[EXERCISE]
Return every line from the records below that has the word "Require".

[SOURCE DATA]
(* Let $\mathcal{X}_1,\mathcal{X}_2$ be non-empty sets, $\mathcal{B}_i\subseteq\mathcal{P}(\mathcal{X}_i)\setminus\{\emptyset\}$ and $\underline{P}_i$ a coherent conditional lower prevision on $\mathcal{C}_i\subseteq\mathcal{C}(\mathcal{X}_i)$ for $i\in\{1,2\}$, and let $\mathcal{C}\subseteq\mathcal{C}(\mathcal{X}_1\times\mathcal{X}_2)$ be an independent domain containing $\mathcal{C}_1$ and $\mathcal{C}_2$. Then the restriction of $\underline{P}_1\otimes\underline{P}_2$ to $\mathcal{C}$ is an independent product of $\underline{P}_1$ and $\underline{P}_2$.
   Context: Gambles on a non-empty set $\mathcal{X}$ are bounded real functions; $\mathcal{G}(\mathcal{X})$ is the set of gambles, $\mathcal{G}_{>0}(\mathcal{X})$ the non-negative non-zero gambles, $\mathbb{I}_A$ the indicator of $A$. For $\mathcal{A}\subseteq\mathcal{G}(\mathcal{X})$: $\mathrm{posi}(\mathcal{A}):=\{\sum_{i=1}^n\lambda_if_i\colon n\in\mathbb{N},\lambda_i>0,f_i\in\mathcal{A}\}$, $\mathcal{E}(\mathcal{A}):=\mathrm{posi}(\mathcal{A}\cup\mathcal{G}_{>0}(\mathcal{X}))$. A coherent set of desirable gambles $\mathcal{D}\subseteq\mathcal{G}(\mathcal{X})$ satisfies: (D1) $f\geq0,f\neq0\Rightarrow f\in\mathcal{D}$; (D2) $f\in\mathcal{D},\lambda>0\Rightarrow\lambda f\in\mathcal{D}$; (D3) $f,g\in\mathcal{D}\Rightarrow f+g\in\mathcal{D}$; (D4) $f\leq0\Rightarrow f\notin\mathcal{D}$. $\mathcal{C}(\mathcal{X}):=\mathcal{G}(\mathcal{X})\times(\mathcal{P}(\mathcal{X})\setminus\{\emptyset\})$; a conditional lower prevision on $\mathcal{C}\subseteq\mathcal{C}(\mathcal{X})$ is a map $(f,B)\mapsto\underline{P}(f\vert B)\in\mathbb{R}\cup\{\pm\infty\}$. For $\mathcal{D}\subseteq\mathcal{G}(\mathcal{X})$, $\underline{P}_{\mathcal{D}}(f\vert B):=\sup\{\mu\in\mathbb{R}\colon[f-\mu]\mathbb{I}_B\in\mathcal{D}\}$. $\underline{P}$ is coherent if $\underline{P}=\underline{P}_{\mathcal{D}}$ on its domain for some coherent set of desirable gambles $\mathcal{D}$. For coherent $\underline{P}$ on $\mathcal{C}$, $\mathcal{E}(\underline{P}):=\mathcal{E}(\{[f-\mu]\mathbb{I}_B\colon(f,B)\in\mathcal{C},\mu<\underline{P}(f\vert B)\})$. Gambles/events on $\mathcal{X}_i$ are identified with their cylindrical extensions to $\mathcal{X}_1\times\mathcal{X}_2$ ($B\subseteq\mathcal{X}_1$ with $B\times\mathcal{X}_2$, etc.). For coherent sets of desirable gambles $\mathcal{D}_1,\mathcal{D}_2$: $\mathcal{D}_1\otimes\mathcal{D}_2:=\mathcal{E}(\mathcal{A}_{1\to2}\cup\mathcal{A}_{2\to1})$, $\mathcal{A}_{1\to2}:=\{f_2(X_2)\mathbb{I}_{B_1}(X_1)\colon f_2\in\mathcal{D}_2,B_1\in\mathcal{B}_1\cup\{\mathcal{X}_1\}\}$, $\mathcal{A}_{2\to1}:=\{f_1(X_1)\mathbb{I}_{B_2}(X_2)\colon f_1\in\mathcal{D}_1,B_2\in\mathcal{B}_2\cup\{\mathcal{X}_2\}\}$; $(\underline{P}_1\otimes\underline{P}_2)(f\vert B):=\underline{P}_{\mathcal{D}}(f\vert B)$ for $(f,B)\in\mathcal{C}(\mathcal{X}_1\times\mathcal{X}_2)$, $\mathcal{D}=\mathcal{E}(\underline{P}_1)\otimes\mathcal{E}(\underline{P}_2)$. A domain $\mathcal{C}\subseteq\mathcal{C}(\mathcal{X}_1\times\mathcal{X}_2)$ is independent if for all $\{i,j\}=\{1,2\}$, $(f_i,B_i)\in\mathcal{C}(\mathcal{X}_i)$ and $B_j\in\mathcal{B}_j$: $(f_i,B_i)\in\mathcal{C}\iff(f_i,B_i\cap B_j)\in\mathcal{C}$. A coherent $\underline{P}$ on an independent domain $\mathcal{C}$ is epistemically independent if $\underline{P}(f_i\vert B_i)=\underline{P}(f_i\vert B_i\cap B_j)$ for all $\{i,j\}=\{1,2\}$, all $(f_i,B_i)\in\mathcal{C}$ with $f_i,B_i$ on $\mathcal{X}_i$, and all $B_j\in\mathcal{B}_j$. An independent product of $\underline{P}_1,\underline{P}_2$ is an epistemically independent coherent conditional lower prevision on $\mathcal{C}$ that coincides with $\underline{P}_i$ on $\mathcal{C}_i$ for $i=1,2$. *)

From Stdlib Require Import Reals Bool.
From Coquelicot Require Import Rbar Lub.
Open Scope R_scope.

[WRITTEN SOLUTION]
From Stdlib Require Import Reals Bool.
From Coquelicot Require Import Rbar Lub.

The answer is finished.